Stored items
====
(* Consider a wireless localization network with $n$ anchors and $N_a$ agents. For each agent $k\in\{1,\dots,N_a\}$ let $\phi_{k1},\dots,\phi_{kn}\in\mathbb{R}$, $\xi_{k1},\dots,\xi_{kn}\ge 0$ and a localization requirement $\varrho_k>0$ be given; let $\mathbf{R}_k=\operatorname{diag}\{\xi_{k1},\dots,\xi_{kn}\}$, $\mathbf{c}_k=[\cos2\phi_{k1},\dots,\cos2\phi_{kn}]^{\mathsf T}$, $\mathbf{s}_k=[\sin2\phi_{k1},\dots,\sin2\phi_{kn}]^{\mathsf T}$. For $\mathbf{x}\in\mathbb{R}^n$, $\mathbf{x}\succeq\mathbf{0}$, define $\mathcal{P}(\mathbf{p}_k;\mathbf{x})=\operatorname{tr}\{(\sum_{j=1}^n x_j\xi_{kj}\mathbf{u}(\phi_{kj})\mathbf{u}(\phi_{kj})^{\mathsf T})^{-1}\}$ (equal to $+\infty$ if the matrix is singular). Let $c_1,\dots,c_L$ be affine functions on $\mathbb{R}^n$. Then the problem $$\min_{\mathbf{x}\succeq\mathbf{0}}\ \mathbf{1}^{\mathsf T}\mathbf{x}\quad\text{s.t.}\quad \mathcal{P}(\mathbf{p}_k;\mathbf{x})\le\varrho_k\ \ \forall k,\qquad c_l(\mathbf{x})\le 0\ \ (l=1,\dots,L)$$ is equivalent to the second-order cone program $$\min_{\mathbf{x}\succeq\mathbf{0}}\ \mathbf{1}^{\mathsf T}\mathbf{x}\quad\text{s.t.}\quad \big\|\mathbf{A}_k\mathbf{R}_k\mathbf{x}+\mathbf{b}_k\big\|\le \mathbf{1}^{\mathsf T}\mathbf{R}_k\mathbf{x}-2\varrho_k^{-1}\ \ \forall k,\qquad c_l(\mathbf{x})\le 0\ \ (l=1,\dots,L),$$ where $\mathbf{A}_k=[\mathbf{c}_k\ \ \mathbf{s}_k\ \ \mathbf{0}]^{\mathsf T}\in\mathbb{R}^{3\times n}$ and $\mathbf{b}_k=[0\ \ 0\ \ 2\varrho_k^{-1}]^{\mathsf T}$.
   Context: $\mathbf{u}(\phi)=[\cos\phi\ \ \sin\phi]^{\mathsf T}$; $\mathbf{1}$ is the all-ones vector, $\mathbf{0}$ the zero vector; $\|\cdot\|$ is the Euclidean norm; $\mathbf{x}\succeq\mathbf{0}$ means entrywise nonnegative. $\mathbf{x}$ is the vector of anchor transmit powers and $\mathcal{P}(\mathbf{p}_k;\mathbf{x})$ is the squared position error bound of agent $k$. ''Equivalent'' means the two problems have the same feasible set (and objective). *)

From HB Require Import structures.
From mathcomp Require Import all_boot all_order all_algebra.
From mathcomp Require Import all_classical all_reals all_analysis.
Set Implicit Arguments. Unset Strict Implicit. Unset Printing Implicit Defensive.
Import Order.TTheory GRing.Theory Num.Theory.
Local Open Scope ring_scope.

Section Defs.
Variable R : realType.

Definition uvec (phi : R) : 'cV[R]_2 :=
  \col_(i < 2) (if (i == 0 :> nat) then cos phi else sin phi).

Definition nonneg_vec (n : nat) (x : 'cV[R]_n) : Prop := forall i, 0 <= x i 0.

Definition eucl_norm (m : nat) (v : 'cV[R]_m) : R :=
  Num.sqrt (\sum_(i < m) (v i 0) ^+ 2).

Definition affine_fun (n : nat) (f : 'cV[R]_n -> R) : Prop :=
  exists (a : 'rV[R]_n) (d : R), forall x, f x = (a *m x) 0 0 + d.

Definition EFIM (n : nat) (phi xi : 'I_n -> R) (x : 'cV[R]_n) : 'M[R]_2 :=
  \sum_(j < n) (x j 0 * xi j) *: (uvec (phi j) *m (uvec (phi j))^T).

Definition SPEB (n : nat) (phi xi : 'I_n -> R) (x : 'cV[R]_n) : \bar R :=
  let J := EFIM phi xi x in
  if J \in unitmx then (\tr (invmx J))%:E else +oo%E.

Definition Rmat (n : nat) (xi : 'I_n -> R) : 'M[R]_n := diag_mx (\row_j xi j).

Definition Amat (n : nat) (phi : 'I_n -> R) : 'M[R]_(3, n) :=
  \matrix_(i < 3, j < n)
    (if (i == 0 :> nat) then cos (2 * phi j)
     else if (i == 1 :> nat) then sin (2 * phi j) else 0).

Definition bvec (rho : R) : 'cV[R]_3 :=
  \col_(i < 3) (if (i == 2 :> nat) then 2 * rho^-1 else 0).

Definition soc_constr (n : nat) (phi xi : 'I_n -> R) (rho : R) (x : 'cV[R]_n) : Prop :=
  eucl_norm (Amat phi *m Rmat xi *m x + bvec rho)
    <= ((const_mx 1 : 'rV[R]_n) *m Rmat xi *m x) 0 0 - 2 * rho^-1.

Definition feasible_orig (n Na L : nat) (phi xi : 'I_Na -> 'I_n -> R)
  (rho : 'I_Na -> R) (c : 'I_L -> 'cV[R]_n -> R) (x : 'cV[R]_n) : Prop :=
  nonneg_vec x /\
  (forall k, (SPEB (phi k) (xi k) x <= (rho k)%:E)%E) /\
  (forall l, c l x <= 0).

Definition feasible_socp (n Na L : nat) (phi xi : 'I_Na -> 'I_n -> R)
  (rho : 'I_Na -> R) (c : 'I_L -> 'cV[R]_n -> R) (x : 'cV[R]_n) : Prop :=
  nonneg_vec x /\
  (forall k, soc_constr (phi k) (xi k) (rho k) x) /\
  (forall l, c l x <= 0).

Definition objective (n : nat) (x : 'cV[R]_n) : R :=
  ((const_mx 1 : 'rV[R]_n) *m x) 0 0.

End Defs.

From HB Require Import structures.
From mathcomp Require Import all_boot all_order all_algebra.
From mathcomp Require Import all_classical all_reals all_analysis.
From mathcomp Require Import ring lra.
Set Implicit Arguments. Unset Strict Implicit. Unset Printing Implicit Defensive.
Import Order.TTheory GRing.Theory Num.Theory.
Local Open Scope ring_scope.

(* The information matrix [J = sum_j x_j xi_j u u^T] is positive semidefinite,
   with trace [t = 1^T R x] and determinant [D]; by the double-angle formulas
   [A R x = (J00 - J11, 2 J01, 0)], whose squared norm is [t^2 - 4 D].  So the
   cone constraint says [sqrt (t^2 - 4D + 4/rho^2) <= t - 2/rho], i.e.
   [t >= 2/rho] and [D >= t/rho], while [tr J^-1 = t/D <= rho] says [D > 0] and
   [D >= t/rho].  These agree because [t^2 >= 4D], which forces [t >= 4/rho]
   as soon as [D >= t/rho > 0]. *)

Lemma sum_ord2 (V : nmodType) (f : 'I_2 -> V) : \sum_(i < 2) f i = f 0 + f 1.
Proof. by rewrite big_ord_recl big_ord1; congr (_ + f _); apply: val_inj. Qed.

Lemma sum_ord3 (V : nmodType) (f : 'I_3 -> V) :
  \sum_(i < 3) f i = f 0 + f 1 + f 2.
Proof.
by rewrite big_ord_recl sum_ord2 addrA; congr (_ + f _ + f _); apply: val_inj.
Qed.

Section Matrix22.
Variable K : comUnitRingType.
Implicit Type A : 'M[K]_2.

Let lift00 : lift 0 ord0 = 1 :> 'I_2. Proof. exact: val_inj. Qed.
Let lift10 : lift 1 ord0 = 0 :> 'I_2. Proof. exact: val_inj. Qed.

Lemma det_mx22 A : \det A = A 0 0 * A 1 1 - A 0 1 * A 1 0.
Proof.
rewrite (expand_det_row _ 0) sum_ord2 /cofactor !det_mx11 !mxE /= lift00 lift10.
by rewrite expr0 expr1 mul1r mulN1r mulrN.
Qed.

Lemma mxtrace22 A : \tr A = A 0 0 + A 1 1.
Proof. by rewrite /mxtrace sum_ord2. Qed.

Lemma mxtrace_adj22 A : \tr (\adj A) = \tr A.
Proof.
rewrite !mxtrace22 !mxE /cofactor !det_mx11 !mxE /= lift00 lift10.
by rewrite addn0 modn_small // expr0 sqrrN expr1n !mul1r addrC.
Qed.

Lemma mxtrace_invmx22 A : A \in unitmx -> \tr (invmx A) = \tr A / \det A.
Proof. by move=> A_unit; rewrite /invmx A_unit mxtraceZ mxtrace_adj22 mulrC. Qed.

End Matrix22.

Section RealField.
Variable R : realFieldType.

Lemma quad_form_discr_le (a b d : R) : 0 <= a -> 0 <= d ->
  (forall s t, 0 <= a * s ^+ 2 + 2 * b * s * t + d * t ^+ 2) -> b ^+ 2 <= a * d.
Proof.
move=> a_ge0 d_ge0 Q.
(* The form takes the values [a (a d - b^2)] at [(b, -a)] and [d (a d - b^2)] at [(d, -b)]. *)
have [ad_gt0 | ad_le0] := ltrP 0 (a + d).
  have : 0 <= (a + d) * (a * d - b ^+ 2) by move: (Q b (- a)) (Q d (- b)); nra.
  by rewrite pmulr_rge0 // subr_ge0.
have [-> ->] : a = 0 /\ d = 0 by lra.
by move: (Q 1 (- b)); nra.
Qed.

Lemma weighted_cauchy_schwarz (I : finType) (w u v : I -> R) :
  (forall i, 0 <= w i) ->
  (\sum_i w i * (u i * v i)) ^+ 2 <=
    (\sum_i w i * u i ^+ 2) * (\sum_i w i * v i ^+ 2).
Proof.
move=> w_ge0; have sum_sqr_ge0 (f : I -> R) : 0 <= \sum_i w i * f i ^+ 2.
  by apply: sumr_ge0 => i _; rewrite mulr_ge0 ?sqr_ge0.
apply: quad_form_discr_le => // s t.
have -> : (\sum_i w i * u i ^+ 2) * s ^+ 2 + 2 * (\sum_i w i * (u i * v i)) * s * t
    + (\sum_i w i * v i ^+ 2) * t ^+ 2 = \sum_i w i * (s * u i + t * v i) ^+ 2.
  rewrite !mulr_suml mulr_sumr !mulr_suml -!big_split /=.
  by apply: eq_bigr => i _; ring.
exact: sum_sqr_ge0.
Qed.

End RealField.

Section RealClosed.
Variable R : rcfType.

Lemma sqrtr_le_iff (u y : R) : 0 <= u ->
  Num.sqrt u <= y <-> 0 <= y /\ u <= y ^+ 2.
Proof.
move=> u_ge0; split=> [le_sqrt_y | [y_ge0 le_u_y2]].
  have y_ge0 : 0 <= y := le_trans (sqrtr_ge0 u) le_sqrt_y.
  split=> //; rewrite -(sqr_sqrtr u_ge0).
  by rewrite ler_pXn2r ?nnegrE ?sqrtr_ge0.
by rewrite -(ler_pXn2r (n := 2)) ?nnegrE ?sqrtr_ge0 ?sqr_sqrtr.
Qed.

Lemma trace_ratio_le_iff_soc (t D r : R) :
  0 < r -> 0 <= t -> 0 <= D -> 4 * D <= t ^+ 2 ->
  (D != 0 /\ t / D <= r) <-> Num.sqrt (t ^+ 2 - 4 * D + (2 / r) ^+ 2) <= t - 2 / r.
Proof.
move=> r_gt0 t_ge0 D_ge0 D_le; set q := r^-1.
have q_gt0 : 0 < q by rewrite invr_gt0.
rewrite sqrtr_le_iff; last by nra.
have ratio_le : 0 < D -> (t / D <= r) = (t * q <= D).
  by move=> D_gt0; rewrite !ler_pdivrMr // mulrC.
split=> [[D_neq0] | [t2q_ge0 le_sq]].
  have D_gt0 : 0 < D by rewrite lt_def D_neq0.
  by rewrite ratio_le // => tq_le; split; nra.
have D_gt0 : 0 < D by nra.
by rewrite ratio_le // gt_eqF //; split=> //; nra.
Qed.
End RealClosed.

Section Agent.
Variables (R : realType) (n : nat) (phi xi : 'I_n -> R) (x : 'cV[R]_n).
Let w k := x k 0 * xi k.
Let J := EFIM phi xi x.

Lemma EFIM_entry i j : J i j = \sum_k w k * (uvec (phi k) i 0 * uvec (phi k) j 0).
Proof.
rewrite /J /EFIM summxE; apply: eq_bigr => k _.
by rewrite !mxE big_ord1 !mxE.
Qed.

Lemma det_EFIM : \det J = J 0 0 * J 1 1 - J 0 1 ^+ 2.
Proof.
rewrite det_mx22 expr2; congr (_ - _ * _).
by rewrite !EFIM_entry; apply: eq_bigr => k _; rewrite [X in _ * X]mulrC.
Qed.

Lemma Amat_Rmat_mulE i : (Amat phi *m Rmat xi *m x) i 0 = \sum_k w k * Amat phi i k.
Proof.
rewrite mxE /Rmat mul_mx_diag; apply: eq_bigr => k _; rewrite !mxE /w; ring.
Qed.

Lemma Amat_Rmat_mul0 : (Amat phi *m Rmat xi *m x) 0 0 = J 0 0 - J 1 1.
Proof.
rewrite Amat_Rmat_mulE !EFIM_entry -sumrB; apply: eq_bigr => k _.
rewrite !mxE /= mulr_natl cos_mulr2n -!expr2 sin2cos2; ring.
Qed.

Lemma Amat_Rmat_mul1 : (Amat phi *m Rmat xi *m x) 1 0 = 2 * J 0 1.
Proof.
rewrite Amat_Rmat_mulE !EFIM_entry mulr_sumr; apply: eq_bigr => k _.
rewrite !mxE /= mulr_natl sin_mulr2n; ring.
Qed.

Lemma Amat_Rmat_mul2 : (Amat phi *m Rmat xi *m x) 2 0 = 0.
Proof. by rewrite Amat_Rmat_mulE big1 // => k _; rewrite !mxE mulr0. Qed.

Lemma ones_Rmat_mul : ((const_mx 1 : 'rV[R]_n) *m Rmat xi *m x) 0 0 = \tr J.
Proof.
rewrite mxtrace22 mxE /Rmat mul_mx_diag !EFIM_entry -big_split; apply: eq_bigr => k _.
by rewrite !mxE /w /= -mulrDr -!expr2 cos2Dsin2 mulr1 mul1r mulrC.
Qed.

Hypotheses (x_ge0 : nonneg_vec x) (xi_ge0 : forall j, 0 <= xi j).

Let w_ge0 k : 0 <= w k. Proof. exact: mulr_ge0. Qed.

Lemma EFIM_diag_ge0 i : 0 <= J i i.
Proof. by rewrite EFIM_entry; apply: sumr_ge0 => k _; rewrite mulr_ge0 // -expr2 sqr_ge0. Qed.

Lemma EFIM_cauchy_schwarz : J 0 1 ^+ 2 <= J 0 0 * J 1 1.
Proof. by rewrite !EFIM_entry; apply: weighted_cauchy_schwarz. Qed.

Lemma det_EFIM_ge0 : 0 <= \det J.
Proof. by rewrite det_EFIM subr_ge0 EFIM_cauchy_schwarz. Qed.

Lemma det_EFIM_le_trace : 4 * \det J <= \tr J ^+ 2.
Proof.
have -> : \tr J ^+ 2 = 4 * \det J + (J 0 0 - J 1 1) ^+ 2 + 4 * J 0 1 ^+ 2.
  by rewrite mxtrace22 det_EFIM; ring.
by rewrite -addrA lerDl addr_ge0 ?sqr_ge0 // mulr_ge0 ?sqr_ge0.
Qed.

Lemma soc_norm r : eucl_norm (Amat phi *m Rmat xi *m x + bvec r) =
  Num.sqrt (\tr J ^+ 2 - 4 * \det J + (2 / r) ^+ 2).
Proof.
rewrite /eucl_norm sum_ord3 ![(_ + bvec r) _ _]mxE.
rewrite Amat_Rmat_mul0 Amat_Rmat_mul1 Amat_Rmat_mul2 !mxE /= mxtrace22 det_EFIM.
by congr Num.sqrt; ring.
Qed.

Lemma SPEB_le_iff r :
  (SPEB phi xi x <= r%:E)%E <-> \det J != 0 /\ \tr J / \det J <= r.
Proof.
rewrite /SPEB -/J unitmxE unitfE.
have [_ | detJ_neq0] := eqVneq (\det J) 0; first by split=> [|[]].
by rewrite lee_fin mxtrace_invmx22 ?unitmxE ?unitfE //; split=> [|[]].
Qed.

Lemma SPEB_le_iff_soc_constr r :
  0 < r -> (SPEB phi xi x <= r%:E)%E <-> soc_constr phi xi r x.
Proof.
move=> r_gt0; rewrite SPEB_le_iff /soc_constr soc_norm ones_Rmat_mul.
apply: trace_ratio_le_iff_soc => //.
- by rewrite mxtrace22 addr_ge0 ?EFIM_diag_ge0.
- exact: det_EFIM_ge0.
- exact: det_EFIM_le_trace.
Qed.

End Agent.

Theorem proposition3 (R : realType) (n Na L : nat)
  (phi xi : 'I_Na -> 'I_n -> R) (rho : 'I_Na -> R)
  (c : 'I_L -> 'cV[R]_n -> R)
  (hxi : forall k j, 0 <= xi k j)
  (hrho : forall k, 0 < rho k)
  (hc : forall l, affine_fun (c l)) :
  forall x : 'cV[R]_n,
    feasible_orig phi xi rho c x <-> feasible_socp phi xi rho c x.
Proof.
(* The affine constraints are shared by both problems. *)
move=> x; split=> -[x_ge0 [agents cons]]; split=> //; split=> // k;
  exact/(SPEB_le_iff_soc_constr (phi k) x_ge0 (hxi k) (hrho k))/agents.
Qed.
====
Exercise prompt:
Which lines of the data contain the word "unitmxE"? Copy each one.

Finished exercise:
rewrite /SPEB -/J unitmxE unitfE.
by rewrite lee_fin mxtrace_invmx22 ?unitmxE ?unitfE //; split=> [|[]].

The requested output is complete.